For better or for worse, the humanities have the reputation of being more interested in the past than the present. And for good reason. As a historian of religion friend of mine likes to say, “some of my best friends are dead people.”

Yet, just because we humanities faculty hold the work of previous centuries in high esteem, it doesn’t mean that we aren’t on the cutting edge of using tech in teaching and research.

Case in point: Living Worship (Brazos Press, 2011), a work that I recently co-authored with Dr. Todd Johnson (of Fuller Theological Seminary) and Dr. Lester Ruth (of Duke University), published by. Living Worship is multimedia case study of the worship life of a real-life Christian congregation in Chicago. It is a kind of interactive software “textbook” on Christian worship.

Living Worship is a computer-based case study of eighteen months in the worship life of an actual church. The interactive application features a host of media documenting the worship life of Ravenswood Covenant Church (RCC), including more than twenty hours of video of worship services and service planning meetings, video interviews with church ministers and members, texts on the church’s history and development, sociological data on the community and neighborhood, images of historical documents and the surrounding environment, and scans of church bulletins and brochures. There are also on-camera interviews with leading experts in liturgy. The video portions capture a wide array of events in the church’s life, including a wedding, a funeral, an Advent service, and an Easter service. For most of the services, viewers can even switch back and forth between several camera angles (such as wide shots, close-ups, and views of the congregation) on the fly.

Living Worship provides a new way to study Christian liturgy. Traditionally, students focus on reading theological and historical texts. But due to logistical and scheduling issues, courses aren’t always able to see the way that the ideas they study play out in real life. Who wants to do a field trip on Sunday morning? Living Worship opens up this lived reality of community worship by enabling what we call “virtual participant observation”: using technology to closely observe a community as it tries to embody its beliefs in its public worship. Exploring the program, students can see the practical implications of theology as they examine how theological commitments and pragmatic choices play out in the real world setting. It provides a window into liturgy that history and theology can’t provide. And it is entirely unique in the field.
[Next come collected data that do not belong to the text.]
Lemma Rpower_le_base_nonpos (x y e : R) : 0 < y <= x -> e <= 0 -> Rpower x e <= Rpower y e.
Proof.
  intros. replace e with (- - e) by ring. rewrite (Rpower_Ropp x), (Rpower_Ropp y).
  apply Rinv_le_contravar; [apply Rpower_pos|]. apply Rle_Rpower_l; lra.
Qed.

Lemma Rpower_le_exponent_le1 (r p q : R) : 0 < r <= 1 -> q <= p -> Rpower r p <= Rpower r q.
Proof.
  intros. unfold Rpower. apply exp_le.
  assert (ln r <= 0) by (rewrite <- ln_1; apply ln_le; lra). nra.
Qed.

Lemma Rpower_mvt (p x y : R) : 0 < y < x ->
  exists c, y < c < x /\ Rpower x p - Rpower y p = p * Rpower c (p - 1) * (x - y).
Proof.
  intros hyx.
  destruct (MVT_cor2 (fun t => Rpower t p) (fun t => p * Rpower t (p - 1)) y x)
    as [c [hc1 hc2]]; [lra| |].
  - intros c hc. apply derivable_pt_lim_power. lra.
  - exists c. split; [exact hc2|exact hc1].
Qed.

Lemma Rpower_tangent_le (p x y : R) : 0 <= p <= 1 -> 0 < y <= x ->
  p * Rpower x (p - 1) * (x - y) <= Rpower x p - Rpower y p.
Proof.
  intros hp hyx. destruct (Req_dec y x) as [->|]; [lra|].
  destruct (Rpower_mvt p x y) as [c [hc ->]]; [lra|].
  apply Rmult_le_compat_r; [lra|]. apply Rmult_le_compat_l; [lra|].
  apply Rpower_le_base_nonpos; lra.
Qed.

Lemma Rpower_tangent_ge (p x y : R) : p <= 0 -> 0 < y <= x ->
  Rpower x p - Rpower y p <= p * Rpower x (p - 1) * (x - y).
Proof.
  intros hp hyx. destruct (Req_dec y x) as [->|]; [lra|].
  destruct (Rpower_mvt p x y) as [c [hc ->]]; [lra|].
  apply Rmult_le_compat_r; [lra|]. apply Rmult_le_compat_neg_l; [lra|].
  apply Rpower_le_base_nonpos; lra.
Qed.

Lemma ln_1_plus_ge (y : R) : 0 <= y -> y / (1 + y) <= ln (1 + y).
Proof.
  intro hy. pose proof (exp_ineq1_le (- (y / (1 + y)))) as h.
  replace (1 + - (y / (1 + y))) with (/ (1 + y)) in h by (field; lra).
  apply ln_le in h; [|apply Rinv_0_lt_compat; lra].
  rewrite ln_exp, ln_Rinv in h by lra. lra.
Qed.

Lemma am_gm_le (x y z : R) : 0 <= x -> 0 <= z -> y ^ 2 <= x * z -> 2 * y <= x + z.
Proof.
  intros hx hz h. destruct (Rle_dec (2 * y) (x + z)) as [|n]; [auto|].
  pose proof (pow2_ge_0 (x - z)). nra.
Qed.

Lemma phi_pow_pos (C th t : R) : 0 < t -> phi_pow C th t = C / th * Rpower t th.
Proof. intro h. unfold phi_pow. destruct (Rle_dec t 0); lra. Qed.

Lemma phi_pow_nonneg (C th t : R) : 0 <= C -> 0 < th -> 0 <= phi_pow C th t.
Proof.
  intros. unfold phi_pow. destruct (Rle_dec t 0); [lra|].
  apply Rmult_le_pos; [apply Rmult_le_pos; [lra|left; apply Rinv_0_lt_compat; lra]|left; apply Rpower_pos].
Qed.

Lemma phi_pow_derivative (C th t d : R) : th <> 0 -> 0 < t ->
  derivable_pt_lim (phi_pow C th) t d -> d = C * Rpower t (th - 1).
Proof.
  intros hth ht hd.
  assert (hg : derivable_pt_lim (fun u => C / th * Rpower u th) t (C / th * (th * Rpower t (th - 1)))).
  { apply (derivable_pt_lim_scal (fun u => Rpower u th)), derivable_pt_lim_power, ht. }
  replace (C * Rpower t (th - 1)) with (C / th * (th * Rpower t (th - 1))) by (field; auto).
  apply (uniqueness_limite (phi_pow C th) t); [exact hd|].
  (* [phi_pow C th] agrees with [C / th * Rpower _ th] on the neighbourhood ]0, 2t[ of [t] *)
  intros eps heps. destruct (hg eps heps) as [del hdel].
  assert (hm : 0 < Rmin del t) by (apply Rmin_pos; [apply cond_pos|auto]).
  exists (mkposreal _ hm). intros h hh0 hh. simpl in hh.
  pose proof (Rmin_l del t). pose proof (Rmin_r del t). apply Rabs_def2 in hh as hh'.
  rewrite !phi_pow_pos by lra. apply hdel; [exact hh0|lra].
Qed.

Lemma negpow_increment (s q B beta r0 r1 : R) :
  0 < s -> 0 < q -> 0 < beta <= B -> 0 < r1 <= r0 -> r0 <= 1 ->
  q * beta * Rpower r1 (1 + s) <= r0 - r1 ->
  Rmin (/ (2 * B)) (s * q * Rpower 2 (- ((1 + s) / s))) * beta
    <= Rpower r1 (- s) - Rpower r0 (- s).
Proof.
  intros hs hq hb hr hr0 hstep.
  assert (hg0 : 1 <= Rpower r0 (- s)).
  { rewrite <- (Rpower_O r0) by lra. apply Rpower_le_exponent_le1; lra. }
  destruct (Rle_dec (2 * Rpower r0 (- s)) (Rpower r1 (- s))) as [big|small].
  - apply Rle_trans with (/ (2 * B) * beta); [apply Rmult_le_compat_r; [lra|apply Rmin_l]|].
    assert (/ (2 * B) * beta <= 1).
    { apply (Rmult_le_reg_l (2 * B)); [lra|].
      replace (2 * B * (/ (2 * B) * beta)) with beta by (field; lra). lra. }
    lra.
  - (* now [r1 > 2^(-1/s) r0], so the tangent of [t^(-s)] at [r0] controls the increment *)
    assert (hlog : s * (ln r0 - ln r1) < ln 2).
    { apply Rnot_le_lt in small. unfold Rpower in small.
      rewrite <- (exp_ln 2), <- exp_plus in small by lra. apply exp_lt_inv in small. lra. }
    assert (hratio : Rpower 2 (- ((1 + s) / s)) <= Rpower r0 (- s - 1) * Rpower r1 (1 + s)).
    { unfold Rpower. rewrite <- exp_plus. apply exp_le.
      replace (- ((1 + s) / s) * ln 2) with ((1 + s) * - (ln 2 / s)) by (field; lra).
      assert (ln r0 - ln r1 < ln 2 / s).
      { apply (Rmult_lt_reg_l s); [lra|]. replace (s * (ln 2 / s)) with (ln 2) by (field; lra). lra. }
      nra. }
    pose proof (Rpower_tangent_ge (- s) r0 r1 ltac:(lra) hr) as tangent.
    pose proof (Rpower_pos 2 (- ((1 + s) / s))).
    pose proof (Rpower_pos r0 (- s - 1)). pose proof (Rpower_pos r1 (1 + s)).
    apply Rle_trans with (s * q * Rpower 2 (- ((1 + s) / s)) * beta);
      [apply Rmult_le_compat_r; [lra|apply Rmin_r]|].
    apply Rle_trans with (s * Rpower r0 (- s - 1) * (q * beta * Rpower r1 (1 + s))).
    + replace (s * Rpower r0 (- s - 1) * (q * beta * Rpower r1 (1 + s)))
        with (s * q * beta * (Rpower r0 (- s - 1) * Rpower r1 (1 + s))) by ring.
      replace (s * q * Rpower 2 (- ((1 + s) / s)) * beta)
        with (s * q * beta * Rpower 2 (- ((1 + s) / s))) by ring.
      apply Rmult_le_compat_l; [|exact hratio]. apply Rmult_le_pos; [|lra]. nra.
    + apply Rle_trans with (s * Rpower r0 (- s - 1) * (r0 - r1)); [|lra].
      apply Rmult_le_compat_l; [nra|exact hstep].
Qed.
Living Worship also includes a second disc, Speaking of Worship. SoW is a standard video DVD with short interview segments from leading scholars on vital—even controversial—issues and questions related to worship. It is designed to be used in the classroom setting, providing 1-2 minute interview segments that can be used as supplements for lectures or as conversation starters.

So, even though we love our books, it turns out that the faculty in the College of Arts & Sciences are also at the forefront of using technology to enhance teaching and learning.